■ Your instructions ■
The data below holds a line containing "rewrite <- IH." and a line containing "replace (v /"; please quote exactly those two lines and every line between them, and nothing else.

■ Data excerpts ■

»»

Lemma trig_poly_Ry_entry v i j : (v < 4)%nat -> trig_poly 4 (fun x => Ry (x v) i j).
Proof.
  intros Hv. unfold Ry. destruct i as [|[|[|i]]]; destruct j as [|[|[|j]]]; solve_trig_poly.
Qed.

Lemma trig_poly_Rz_entry v i j : (v < 4)%nat -> trig_poly 4 (fun x => Rz (x v) i j).
Proof.
  intros Hv. unfold Rz. destruct i as [|[|[|i]]]; destruct j as [|[|[|j]]]; solve_trig_poly.
Qed.

Lemma trig_poly_mat_mul (F G : (nat -> R) -> mat3) i j :
  (forall i k, trig_poly 4 (fun x => F x i k)) -> (forall k j, trig_poly 4 (fun x => G x k j)) ->
  trig_poly 4 (fun x => mat_mul (F x) (G x) i j).
Proof. intros HF HG. unfold mat_mul. repeat apply trig_poly_plus; now apply trig_poly_mult. Qed.

Lemma trig_poly_left_euler R0 i j : (forall i j, trig_poly 4 (fun x => R0 (x 0%nat) i j)) ->
  trig_poly 4 (fun x => left_euler R0 x i j).
Proof.
  intros H0. unfold left_euler, euler.
  repeat (apply trig_poly_mat_mul; intros); auto using trig_poly_Ry_entry, trig_poly_Rz_entry.
Qed.

Lemma cos2_eq t : cos t ^ 2 = 1 - sin t ^ 2.
Proof. pose proof (sin2_cos2 t) as H. unfold Rsqr in H. nra. Qed.

Lemma sin2_eq t : sin t ^ 2 = 1 - cos t ^ 2.
Proof. rewrite cos2_eq. ring. Qed.

Lemma annihilated_Ry_left_euler i j : annihilated 4 Ry_field (fun x => left_euler Ry x i j).
Proof.
  split; [apply trig_poly_left_euler; intros; apply trig_poly_Ry_entry; lia|]. intro x.
  unfold diff_op. cbn [sum_upto].
  rewrite (pderive_left_euler_0 Ry dRy), (pderive_left_euler_1 Ry), (pderive_left_euler_2 Ry),
    (pderive_left_euler_3 Ry) by apply is_derive_Ry.
  unfold Ry_field, euler, mat_mul, Ry, Rz, dRy, dRz.
  destruct i as [|[|[|i]]]; destruct j as [|[|[|j]]]; ring_simplify; try rewrite !cos2_eq; ring.
Qed.

Lemma annihilated_Rz_left_euler i j : annihilated 4 Rz_field (fun x => left_euler Rz x i j).
Proof.
  split; [apply trig_poly_left_euler; intros; apply trig_poly_Rz_entry; lia|]. intro x.
  unfold diff_op. cbn [sum_upto].
  rewrite (pderive_left_euler_0 Rz dRz), (pderive_left_euler_1 Rz), (pderive_left_euler_2 Rz),
    (pderive_left_euler_3 Rz) by apply is_derive_Rz.
  unfold Rz_field, euler, mat_mul, Ry, Rz, dRy, dRz.
  destruct i as [|[|[|i]]]; destruct j as [|[|[|j]]]; ring_simplify; try rewrite !cos2_eq; ring.
Qed.

Definition euler_point (t a b c : R) : nat -> R :=
  fun v => match v with 0%nat => t | 1%nat => a | 2%nat => b | 3%nat => c | _ => 0 end.

Lemma RInt_C_pRInt (f g : (nat -> R) -> R) v lo hi x :
  (v < 4)%nat -> trig_poly 4 f -> trig_poly 4 g ->
  RInt (V := C_R_CompleteNormedModule) (fun t => (f (upd x v t), g (upd x v t))) lo hi
  = (pRInt v lo hi f x, pRInt v lo hi g x).
Proof.
  intros Hv Hf Hg. apply (is_RInt_unique (V := C_R_CompleteNormedModule)).
  apply (is_RInt_fct_extend_pair (U := R_NormedModule) (V := R_NormedModule)
           (fun t => (f (upd x v t), g (upd x v t))));
    now apply (is_RInt_trig_poly 4).
Qed.

Lemma haar_integrand_euler_RInt (F : (nat -> R) -> C) t :
  trig_poly 4 (fun x => fst (F x)) -> trig_poly 4 (fun x => snd (F x)) ->
  RInt (V := C_R_CompleteNormedModule) (fun a =>
    RInt (V := C_R_CompleteNormedModule) (fun b =>
      RInt (V := C_R_CompleteNormedModule) (fun c =>
        Cmult (RtoC (sin b)) (F (euler_point t a b c))) 0 (2 * PI)) 0 PI) 0 (2 * PI)
  = (euler_RInt (fun x => fst (F x)) (euler_point t 0 0 0),
     euler_RInt (fun x => snd (F x)) (euler_point t 0 0 0)).
Proof.
  intros H1 H2. unfold euler_RInt.
  rewrite <- (RInt_C_pRInt _ _ 1 0 (2 * PI)) by (lia || solve_trig_poly).
  apply RInt_ext. intros a _.
  rewrite <- (RInt_C_pRInt _ _ 2 0 PI) by (lia || solve_trig_poly).
  apply RInt_ext. intros b _.
  rewrite <- (RInt_C_pRInt _ _ 3 0 (2 * PI)) by (lia || solve_trig_poly).
  apply RInt_ext. intros c _.
  replace (upd (upd (upd (euler_point t 0 0 0) 1 a) 2 b) 3 c) with (euler_point t a b c)
    by (apply functional_extensionality; intros [|[|[|[|v]]]]; reflexivity).
  unfold Cmult, RtoC. simpl. f_equal; ring.
Qed.

Lemma haar_int_left_invariant (R0 : R -> mat3) k (Psi : mat3 -> C) t :
  (forall f x s, annihilated 4 k f -> euler_RInt f (upd x 0 s) = euler_RInt f (upd x 0 0)) ->
  annihilated_C 4 k (fun x => Psi (left_euler R0 x)) ->
  haar_int (fun g => Psi (mat_mul (R0 t) g)) = haar_int (fun g => Psi (mat_mul (R0 0) g)).
Proof.
  intros Hinv [H1 H2]. unfold haar_int. apply (f_equal (Cmult _)).
  assert (Hpt : forall s, euler_point s 0 0 0 = upd (euler_point 0 0 0 0) 0 s)
    by (intro s; apply functional_extensionality; intros [|[|[|[|v]]]]; reflexivity).
  transitivity (euler_RInt (fun x => fst (Psi (left_euler R0 x))) (euler_point t 0 0 0),
                euler_RInt (fun x => snd (Psi (left_euler R0 x))) (euler_point t 0 0 0)).
  { exact (haar_integrand_euler_RInt (fun x => Psi (left_euler R0 x)) t (proj1 H1) (proj1 H2)). }
  transitivity (euler_RInt (fun x => fst (Psi (left_euler R0 x))) (euler_point 0 0 0 0),
                euler_RInt (fun x => snd (Psi (left_euler R0 x))) (euler_point 0 0 0 0)).
  { rewrite (Hpt t), (Hinv _ _ t H1), (Hinv _ _ t H2), <- (Hpt 0). reflexivity. }
  symmetry.
  exact (haar_integrand_euler_RInt (fun x => Psi (left_euler R0 x)) 0 (proj1 H1) (proj1 H2)).
Qed.

(** * The second moment as a rotation-invariant function of two points *)

Definition moment_integrand (L : nat) (A : coeffs) (r1 r2 : nat) (p1 p2 : vec3) (g : mat3) : C :=
  Cmult (shell L A r1 (rot_inv_apply g p1)) (Cconj (shell L A r2 (rot_inv_apply g p2))).

Definition moment (L : nat) (A : coeffs) (r1 r2 : nat) (p1 p2 : vec3) : C :=
  haar_int (moment_integrand L A r1 r2 p1 p2).

Lemma m2_moment L A r1 r2 th1 ph1 th2 ph2 :
  m2 L A r1 r2 th1 ph1 th2 ph2 = moment L A r1 r2 (sph th1 ph1) (sph th2 ph2).
Proof. reflexivity. Qed.

Lemma m2proj_moment L A r1 r2 ph1 ph2 :
  m2proj L A r1 r2 ph1 ph2 = moment L A r1 r2 (sph (PI / 2) ph1) (sph (PI / 2) ph2).
Proof. reflexivity. Qed.

Lemma annihilated_C_moment_integrand k (M : (nat -> R) -> mat3) L A r1 r2 p1 p2 :
  (forall i j, annihilated 4 k (fun x => M x i j)) ->
  annihilated_C 4 k (fun x => moment_integrand L A r1 r2 p1 p2 (M x)).
Proof.
  intros HM. unfold moment_integrand.
  apply (annihilated_C_mult 4 k (fun x => shell L A r1 (rot_inv_apply (M x) p1))
           (fun x => Cconj (shell L A r2 (rot_inv_apply (M x) p2)))).
  - apply annihilated_C_shell, annihilated_rot_inv_apply, HM.
  - apply (annihilated_C_conj 4 k (fun x => shell L A r2 (rot_inv_apply (M x) p2))).
    apply annihilated_C_shell, annihilated_rot_inv_apply, HM.
Qed.

Lemma vec3_ext (a b c a' b' c' : R) : a = a' -> b = b' -> c = c' -> ((a, b), c) = ((a', b'), c').
Proof. now intros -> -> ->. Qed.

Lemma rot_inv_apply_Ry g a p :
  rot_inv_apply g (mat_vec (Ry a) p) = rot_inv_apply (mat_mul (Ry (- a)) g) p.
Proof.
  destruct p as [[p0 p1] p2]. unfold rot_inv_apply, mat_vec, transpose, mat_mul, Ry. simpl.
  rewrite cos_neg, sin_neg. apply vec3_ext; ring.
Qed.

Lemma rot_inv_apply_Rz g a p :
  rot_inv_apply g (mat_vec (Rz a) p) = rot_inv_apply (mat_mul (Rz (- a)) g) p.
Proof.
  destruct p as [[p0 p1] p2]. unfold rot_inv_apply, mat_vec, transpose, mat_mul, Rz. simpl.
  rewrite cos_neg, sin_neg. apply vec3_ext; ring.
Qed.

Lemma rot_inv_apply_Ry_0 g p : rot_inv_apply (mat_mul (Ry 0) g) p = rot_inv_apply g p.
Proof.
  destruct p as [[p0 p1] p2]. unfold rot_inv_apply, mat_vec, transpose, mat_mul, Ry. simpl.
  rewrite cos_0, sin_0. apply vec3_ext; ring.
Qed.

Lemma rot_inv_apply_Rz_0 g p : rot_inv_apply (mat_mul (Rz 0) g) p = rot_inv_apply g p.
Proof.
  destruct p as [[p0 p1] p2]. unfold rot_inv_apply, mat_vec, transpose, mat_mul, Rz. simpl.
  rewrite cos_0, sin_0. apply vec3_ext; ring.
Qed.

Lemma moment_left_invariant (R0 : R -> mat3) k L A r1 r2 a p1 p2 :
  (forall g p, rot_inv_apply g (mat_vec (R0 a) p) = rot_inv_apply (mat_mul (R0 (- a)) g) p) ->
  (forall g p, rot_inv_apply (mat_mul (R0 0) g) p = rot_inv_apply g p) ->
  (forall f x s, annihilated 4 k f -> euler_RInt f (upd x 0 s) = euler_RInt f (upd x 0 0)) ->
  (forall i j, annihilated 4 k (fun x => left_euler R0 x i j)) ->
  moment L A r1 r2 (mat_vec (R0 a) p1) (mat_vec (R0 a) p2) = moment L A r1 r2 p1 p2.
Proof.
  intros Hmove H0 Hinv Hentries. unfold moment.
  transitivity (haar_int (fun g => moment_integrand L A r1 r2 p1 p2 (mat_mul (R0 (- a)) g))).
  { apply f_equal, functional_extensionality. intro g.
    unfold moment_integrand. now rewrite !Hmove. }
  rewrite (haar_int_left_invariant R0 k) by auto using annihilated_C_moment_integrand.
  apply f_equal, functional_extensionality. intro g.
  unfold moment_integrand. now rewrite !H0.
Qed.

Inductive yz_rotation_map : (vec3 -> vec3) -> Prop :=
| yz_rotation_map_id : yz_rotation_map (fun p => p)
| yz_rotation_map_Ry a T : yz_rotation_map T -> yz_rotation_map (fun p => mat_vec (Ry a) (T p))
| yz_rotation_map_Rz a T : yz_rotation_map T -> yz_rotation_map (fun p => mat_vec (Rz a) (T p)).

Lemma moment_yz_rotation_invariant L A r1 r2 T p1 p2 : yz_rotation_map T ->
  moment L A r1 r2 (T p1) (T p2) = moment L A r1 r2 p1 p2.
Proof.
  induction 1 as [|a T _ IH|a T _ IH]; [reflexivity| |]; rewrite <- IH.
  - apply (moment_left_invariant Ry Ry_field);
      auto using rot_inv_apply_Ry, rot_inv_apply_Ry_0, euler_RInt_Ry_invariant,
                 annihilated_Ry_left_euler.
  - apply (moment_left_invariant Rz Rz_field);
      auto using rot_inv_apply_Rz, rot_inv_apply_Rz_0, euler_RInt_Rz_invariant,
                 annihilated_Rz_left_euler.
Qed.

(** * Rotating a pair of points onto the equator *)

Lemma polar_coordinates u v :
  exists g, u = sqrt (u ^ 2 + v ^ 2) * cos g /\ v = sqrt (u ^ 2 + v ^ 2) * sin g.
Proof.
  set (r := sqrt (u ^ 2 + v ^ 2)).
  assert (Hr2 : r * r = u ^ 2 + v ^ 2) by (apply sqrt_sqrt; nra).
  assert (Hr0 : 0 <= r) by apply sqrt_pos.
  destruct (Req_dec r 0) as [Hz|Hnz].
  { exists 0. rewrite Hz in Hr2 |- *. split; nra. }
  assert (Hc : -1 <= u / r <= 1).
  { assert (Hu : -r <= u <= r) by (split; nra).
    assert (Hw : r * / r = 1) by (field; lra).
    assert (0 < / r) by (apply Rinv_0_lt_compat; lra).
    unfold Rdiv. split; nra. }
  assert (Hs : (v / r)² = 1 - (u / r)²).
  { unfold Rsqr.
    replace (v / r * (v / r)) with (v * v / (r * r)) by (field; lra).
    replace (1 - u / r * (u / r)) with ((r * r - u * u) / (r * r)) by (field; lra).
    f_equal. nra. }
  destruct (Rle_dec 0 v) as [Hv|Hv].
  - exists (acos (u / r)).
    rewrite cos_acos, sin_acos, <- Hs, sqrt_Rsqr by (auto; apply Rle_mult_inv_pos; lra).
    split; field; lra.
  - exists (- acos (u / r)). rewrite cos_neg, sin_neg, cos_acos, sin_acos by exact Hc.
    replace (1 - (u / r)²) with ((- v / r)²) by (rewrite <- Hs; unfold Rsqr; field; lra).
    rewrite sqrt_Rsqr by (apply Rle_mult_inv_pos; lra). split; field; lra.
Qed.

Lemma mat_vec_Rz a x y z :
  mat_vec (Rz a) ((x, y), z) = ((cos a * x - sin a * y, sin a * x + cos a * y), z).
Proof. unfold mat_vec, Rz. simpl. apply vec3_ext; ring. Qed.

Lemma mat_vec_Ry a x y z :
  mat_vec (Ry a) ((x, y), z) = ((cos a * x + sin a * z, y), - sin a * x + cos a * z).
Proof. unfold mat_vec, Ry. simpl. apply vec3_ext; ring. Qed.

Definition sq_norm (p : vec3) : R := let '((x, y), z) := p in x ^ 2 + y ^ 2 + z ^ 2.

Lemma sq_norm_yz_rotation T p : yz_rotation_map T -> sq_norm (T p) = sq_norm p.
Proof.
  induction 1 as [|a T _ IH|a T _ IH]; [reflexivity| |];
    rewrite <- IH; destruct (T p) as [[x y] z];
    rewrite ?mat_vec_Ry, ?mat_vec_Rz; simpl; ring_simplify; rewrite !sin2_eq; ring.
Qed.

Lemma sq_norm_sph th ph : sq_norm (sph th ph) = 1.
Proof. unfold sph. simpl. ring_simplify. rewrite !sin2_eq. ring. Qed.

Lemma sph_to_x_axis th ph :
  mat_vec (Ry (PI / 2 - th)) (mat_vec (Rz (- ph)) (sph th ph)) = ((1, 0), 0).
Proof.
  unfold sph. rewrite mat_vec_Rz, mat_vec_Ry, cos_neg, sin_neg, cos_shift, sin_shift.
  apply vec3_ext.
  - transitivity (sin th ^ 2 * (cos ph ^ 2 + sin ph ^ 2) + cos th ^ 2); [ring|].
    rewrite cos2_eq. ring_simplify. rewrite sin2_eq. ring.
  - ring.
  - transitivity (cos th * sin th * (1 - (cos ph ^ 2 + sin ph ^ 2))); [ring|].
    rewrite cos2_eq. ring.
Qed.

««

■ Expected output ■
  induction 1 as [|a T _ IH|a T _ IH]; [reflexivity| |]; rewrite <- IH.
  - apply (moment_left_invariant Ry Ry_field);
      auto using rot_inv_apply_Ry, rot_inv_apply_Ry_0, euler_RInt_Ry_invariant,
                 annihilated_Ry_left_euler.
  - apply (moment_left_invariant Rz Rz_field);
      auto using rot_inv_apply_Rz, rot_inv_apply_Rz_0, euler_RInt_Rz_invariant,
                 annihilated_Rz_left_euler.
Qed.

(** * Rotating a pair of points onto the equator *)

Lemma polar_coordinates u v :
  exists g, u = sqrt (u ^ 2 + v ^ 2) * cos g /\ v = sqrt (u ^ 2 + v ^ 2) * sin g.
Proof.
  set (r := sqrt (u ^ 2 + v ^ 2)).
  assert (Hr2 : r * r = u ^ 2 + v ^ 2) by (apply sqrt_sqrt; nra).
  assert (Hr0 : 0 <= r) by apply sqrt_pos.
  destruct (Req_dec r 0) as [Hz|Hnz].
  { exists 0. rewrite Hz in Hr2 |- *. split; nra. }
  assert (Hc : -1 <= u / r <= 1).
  { assert (Hu : -r <= u <= r) by (split; nra).
    assert (Hw : r * / r = 1) by (field; lra).
    assert (0 < / r) by (apply Rinv_0_lt_compat; lra).
    unfold Rdiv. split; nra. }
  assert (Hs : (v / r)² = 1 - (u / r)²).
  { unfold Rsqr.
    replace (v / r * (v / r)) with (v * v / (r * r)) by (field; lra).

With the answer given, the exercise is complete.